• **Dataset excerpts**
(* Let $K$ be a field, $\mathcal A$ a $K$-algebra, $\vartheta$ any one of the four types (left, right, pre-two-sided, two-sided), $M$ a $\vartheta$-Mathieu subspace of $\mathcal A$, and $a\in\mathcal A$ algebraic over $K$. Then $a\in\sqrt M$ if and only if $(a^N)_\vartheta\subseteq M$ for some integer $N\ge 0$.
   Context: All algebras are associative and unital. For a subset $S\subseteq\mathcal A$, $\sqrt S$ is the set of $a\in\mathcal A$ with $a^m\in S$ for all sufficiently large $m$. Let $M$ be a $K$-subspace of $\mathcal A$. $M$ is a left (resp. right) Mathieu subspace if whenever $a\in\mathcal A$ satisfies $a^m\in M$ for all $m\ge1$, then for every $b\in\mathcal A$ there is $N$ with $ba^m\in M$ (resp. $a^mb\in M$) for all $m\ge N$; pre-two-sided if it is both left and right; two-sided if whenever $a^m\in M$ for all $m\ge1$, for all $b,c\in\mathcal A$ there is $N$ with $ba^mc\in M$ for all $m\ge N$. For $x\in\mathcal A$: $(x)_\vartheta$ is $\mathcal Ax$ if $\vartheta$ = left, $x\mathcal A$ if $\vartheta$ = right, the two-sided ideal generated by $x$ if $\vartheta$ = two-sided, and $x\mathcal A+\mathcal Ax$ if $\vartheta$ = pre-two-sided. *)

From HB Require Import structures.
From mathcomp Require Import all_boot all_order all_algebra.
Set Implicit Arguments. Unset Strict Implicit. Unset Printing Implicit Defensive.
Import Order.TTheory GRing.Theory Num.Theory.
Local Open Scope ring_scope.

Inductive mtype := MLeft | MRight | MPreTwo | MTwo.

Section Defs.
Variables (K : fieldType) (A : algType K).

Definition is_subspace (M : {pred A}) : Prop :=
  0 \in M /\ forall (k : K) (u v : A), u \in M -> v \in M -> k *: u + v \in M.

Definition algebraic_over (a : A) : Prop :=
  exists p : {poly K}, p != 0 /\ horner_alg a p = 0.

Definition in_radical (M : {pred A}) (a : A) : Prop :=
  exists N : nat, forall m : nat, (N <= m)%N -> a ^+ m \in M.

Definition all_powers_in (M : {pred A}) (a : A) : Prop :=
  forall m : nat, (1 <= m)%N -> a ^+ m \in M.

Definition left_mathieu (M : {pred A}) : Prop :=
  forall a : A, all_powers_in M a ->
  forall b : A, exists N : nat, forall m : nat, (N <= m)%N -> b * a ^+ m \in M.

Definition right_mathieu (M : {pred A}) : Prop :=
  forall a : A, all_powers_in M a ->
  forall b : A, exists N : nat, forall m : nat, (N <= m)%N -> a ^+ m * b \in M.

Definition two_sided_mathieu (M : {pred A}) : Prop :=
  forall a : A, all_powers_in M a ->
  forall b c : A, exists N : nat, forall m : nat, (N <= m)%N -> b * a ^+ m * c \in M.

Definition mathieu (t : mtype) (M : {pred A}) : Prop :=
  match t with
  | MLeft => left_mathieu M
  | MRight => right_mathieu M
  | MPreTwo => left_mathieu M /\ right_mathieu M
  | MTwo => two_sided_mathieu M
  end.

Definition in_gen (t : mtype) (x y : A) : Prop :=
  match t with
  | MLeft => exists b : A, y = b * x
  | MRight => exists b : A, y = x * b
  | MPreTwo => exists b c : A, y = x * b + c * x
  | MTwo => exists s : seq (A * A), y = \sum_(q <- s) q.1 * x * q.2
  end.

End Defs.

From HB Require Import structures.
From mathcomp Require Import all_boot all_order all_algebra.
Set Implicit Arguments.
Unset Strict Implicit.
Unset Printing Implicit Defensive.

Import GRing.Theory.
Local Open Scope ring_scope.

(* If a^m lies in M for all large m and p(a) = 0 with p = X^r q, q(0) != 0,
   then for R >= r a Bezout identity u X^R + v q = 1 yields the idempotent
   e = u(a) a^R, which satisfies e a^R = a^R e = a^R.  Taking R large puts e
   in M, being a combination of high powers of a.  All powers of e equal e,
   so the Mathieu property of M makes (e)_t lie in M, and (a^R)_t is
   contained in (e)_t.  The converse holds because a^m is in (a^N)_t for
   every m >= N. *)

Section AlgebraicPowers.
Variables (K : fieldType) (A : algType K).

Lemma horner_algXn (a : A) (n : nat) : horner_alg a 'X^n = a ^+ n.
Proof. by rewrite rmorphXn /= horner_algX. Qed.

Lemma horner_alg_comm (a : A) (p q : {poly K}) :
  horner_alg a p * horner_alg a q = horner_alg a q * horner_alg a p.
Proof. by rewrite -!rmorphM mulrC. Qed.

Lemma algebraic_expr_local_unit (a : A) (N0 : nat) : algebraic_over a ->
  exists R (w : {poly K}),
    (N0 <= R)%N /\ horner_alg a (w * 'X^R) * a ^+ R = a ^+ R.
Proof.
case=> p [p0 pa0]; have [r [q q0 Ep]] := multiplicity_XsubC p 0.
rewrite p0 polyC0 subr0 /= in q0 Ep.
exists (maxn r N0); set R := maxn r N0.
have rR : (r <= R)%N := leq_maxl r N0.
have /Bezout_eq1_coprimepP[[u v] /= Huv] : coprimep ('X^R) q.
  by rewrite -(subr0 'X) -polyC0 coprimep_expl // coprimep_sym coprimep_XsubC.
have XRqa0 : horner_alg a ('X^R * q) = 0.
  by rewrite -(subnK rR) exprD mulrC mulrCA -Ep rmorphM /= pa0 mulr0.
exists u; split; first exact: leq_maxr.
rewrite -horner_algXn -rmorphM -[X in _ = horner_alg a X]mul1r -Huv.
rewrite mulrDl rmorphD /=.
by rewrite -(mulrA v) [q * _]mulrC (rmorphM _ v) /= XRqa0 mulr0 addr0.
Qed.

End AlgebraicPowers.

Section MathieuSubspace.
Variables (K : fieldType) (A : algType K) (M : {pred A}).

Lemma subspace_add : is_subspace M -> {in M &, forall u v, u + v \in M}.
Proof. by move=> HM u v Mu Mv; have := HM.2 1 u v Mu Mv; rewrite scale1r. Qed.

Lemma subspace_sum (I : Type) (s : seq I) (F : I -> A) : is_subspace M ->
  (forall i, F i \in M) -> \sum_(i <- s) F i \in M.
Proof.
move=> HM MF; elim: s => [|i s IHs]; first by rewrite big_nil; exact: HM.1.
by rewrite big_cons subspace_add.
Qed.

Lemma subspace_horner_alg_mulXn (a : A) (w : {poly K}) (n : nat) :
  is_subspace M -> (forall j, (n <= j)%N -> a ^+ j \in M) ->
  horner_alg a (w * 'X^n) \in M.
Proof.
move=> HM; elim/poly_ind: w n => [|w c IHw] n Man.
  by rewrite mul0r rmorph0; exact: HM.1.
rewrite mulrDl -mulrA -exprS rmorphD /= addrC mul_polyC linearZ /=.
rewrite mulr_algl horner_algXn.
by apply: HM.2; [exact: Man | apply: IHw => j /ltnW; exact: Man].
Qed.

Variable e : A.
Hypotheses (Me : e \in M) (ee : e * e = e).

Lemma idempotent_expr (m : nat) : (0 < m)%N -> e ^+ m = e.
Proof. by elim: m => [|[|m] IHm] // _; rewrite exprS IHm. Qed.

Lemma idempotent_all_powers_in : all_powers_in M e.
Proof. by move=> m /idempotent_expr ->. Qed.

Lemma idempotent_eventually (P : A -> Prop) :
  (exists N, forall m, (N <= m)%N -> P (e ^+ m)) -> P e.
Proof. by case=> N PN; rewrite -(@idempotent_expr N.+1) //; exact: PN. Qed.

Lemma left_mathieu_idempotent b : left_mathieu M -> b * e \in M.
Proof.
move=> HL; apply: (@idempotent_eventually (fun x => b * x \in M)).
exact: HL idempotent_all_powers_in b.
Qed.

Lemma right_mathieu_idempotent b : right_mathieu M -> e * b \in M.
Proof.
move=> HR; apply: (@idempotent_eventually (fun x => x * b \in M)).
exact: HR idempotent_all_powers_in b.
Qed.

Lemma two_sided_mathieu_idempotent b c : two_sided_mathieu M -> b * e * c \in M.
Proof.
move=> HT; apply: (@idempotent_eventually (fun x => b * x * c \in M)).
exact: HT idempotent_all_powers_in b c.
Qed.

Lemma mathieu_gen_idempotent (t : mtype) (x y : A) :
  is_subspace M -> mathieu t M -> x * e = x -> e * x = x ->
  in_gen t x y -> y \in M.
Proof.
move=> HM + xe ex; case: t => /=.
- by move=> HL [b ->]; rewrite -xe mulrA left_mathieu_idempotent.
- by move=> HR [b ->]; rewrite -ex -mulrA right_mathieu_idempotent.
- move=> [HL HR] [b [c ->]]; apply: subspace_add => //.
    by rewrite -ex -mulrA right_mathieu_idempotent.
  by rewrite -xe mulrA left_mathieu_idempotent.
- move=> HT [s ->]; apply: subspace_sum => // -[b c] /=.
  by rewrite -ex mulrA -(mulrA (b * e)) two_sided_mathieu_idempotent.
Qed.

End MathieuSubspace.

Lemma in_gen_expr (K : fieldType) (A : algType K) (t : mtype) (a : A) (N m : nat) :
  (N <= m)%N -> in_gen t (a ^+ N) (a ^+ m).
Proof.
move=> Nm; have aml : a ^+ m = a ^+ (m - N) * a ^+ N by rewrite -exprD subnK.
have amr : a ^+ m = a ^+ N * a ^+ (m - N) by rewrite -exprD subnKC.
case: t => /=; first by exists (a ^+ (m - N)).
- by exists (a ^+ (m - N)).
- by exists (a ^+ (m - N)), 0; rewrite mul0r addr0.
- by exists [:: (1, a ^+ (m - N))]; rewrite big_seq1 mul1r.
Qed.

Theorem theorem3p10 (K : fieldType) (A : algType K) (t : mtype) (M : {pred A})
  (HM : is_subspace M) (Hmath : mathieu t M) (a : A) (Halg : algebraic_over a) :
  in_radical M a <->
  exists N : nat, forall y : A, in_gen t (a ^+ N) y -> y \in M.
Proof.
split=> [[N0 MaN0] | [N MaN]]; last first.
  by exists N => m Nm; apply: MaN; exact: in_gen_expr.
have [R [w [N0R eaR]]] := algebraic_expr_local_unit N0 Halg.
set e := horner_alg a (w * 'X^R) in eaR.
have aRe : a ^+ R * e = a ^+ R.
  by rewrite -horner_algXn horner_alg_comm horner_algXn.
have ee : e * e = e.
  by rewrite {1}/e rmorphM /= horner_algXn -mulrA aRe -horner_algXn -rmorphM.
have Me : e \in M.
  by apply: subspace_horner_alg_mulXn => // j /(leq_trans N0R); exact: MaN0.
by exists R => y; apply: (mathieu_gen_idempotent Me ee HM Hmath).
Qed.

• **Exercise requirements**
Reproduce, character for character, only the lines of the preceding data that start at the line with "- by move=> HR" and end at the line with "have Me : e \in M.", both included.

• **Result of the task**
- by move=> HR [b ->]; rewrite -ex -mulrA right_mathieu_idempotent.
- move=> [HL HR] [b [c ->]]; apply: subspace_add => //.
    by rewrite -ex -mulrA right_mathieu_idempotent.
  by rewrite -xe mulrA left_mathieu_idempotent.
- move=> HT [s ->]; apply: subspace_sum => // -[b c] /=.
  by rewrite -ex mulrA -(mulrA (b * e)) two_sided_mathieu_idempotent.
Qed.

End MathieuSubspace.

Lemma in_gen_expr (K : fieldType) (A : algType K) (t : mtype) (a : A) (N m : nat) :
  (N <= m)%N -> in_gen t (a ^+ N) (a ^+ m).
Proof.
move=> Nm; have aml : a ^+ m = a ^+ (m - N) * a ^+ N by rewrite -exprD subnK.
have amr : a ^+ m = a ^+ N * a ^+ (m - N) by rewrite -exprD subnKC.
case: t => /=; first by exists (a ^+ (m - N)).
- by exists (a ^+ (m - N)).
- by exists (a ^+ (m - N)), 0; rewrite mul0r addr0.
- by exists [:: (1, a ^+ (m - N))]; rewrite big_seq1 mul1r.
Qed.

Theorem theorem3p10 (K : fieldType) (A : algType K) (t : mtype) (M : {pred A})
  (HM : is_subspace M) (Hmath : mathieu t M) (a : A) (Halg : algebraic_over a) :
  in_radical M a <->
  exists N : nat, forall y : A, in_gen t (a ^+ N) y -> y \in M.
Proof.
split=> [[N0 MaN0] | [N MaN]]; last first.
  by exists N => m Nm; apply: MaN; exact: in_gen_expr.
have [R [w [N0R eaR]]] := algebraic_expr_local_unit N0 Halg.
set e := horner_alg a (w * 'X^R) in eaR.
have aRe : a ^+ R * e = a ^+ R.
  by rewrite -horner_algXn horner_alg_comm horner_algXn.
have ee : e * e = e.
  by rewrite {1}/e rmorphM /= horner_algXn -mulrA aRe -horner_algXn -rmorphM.
have Me : e \in M.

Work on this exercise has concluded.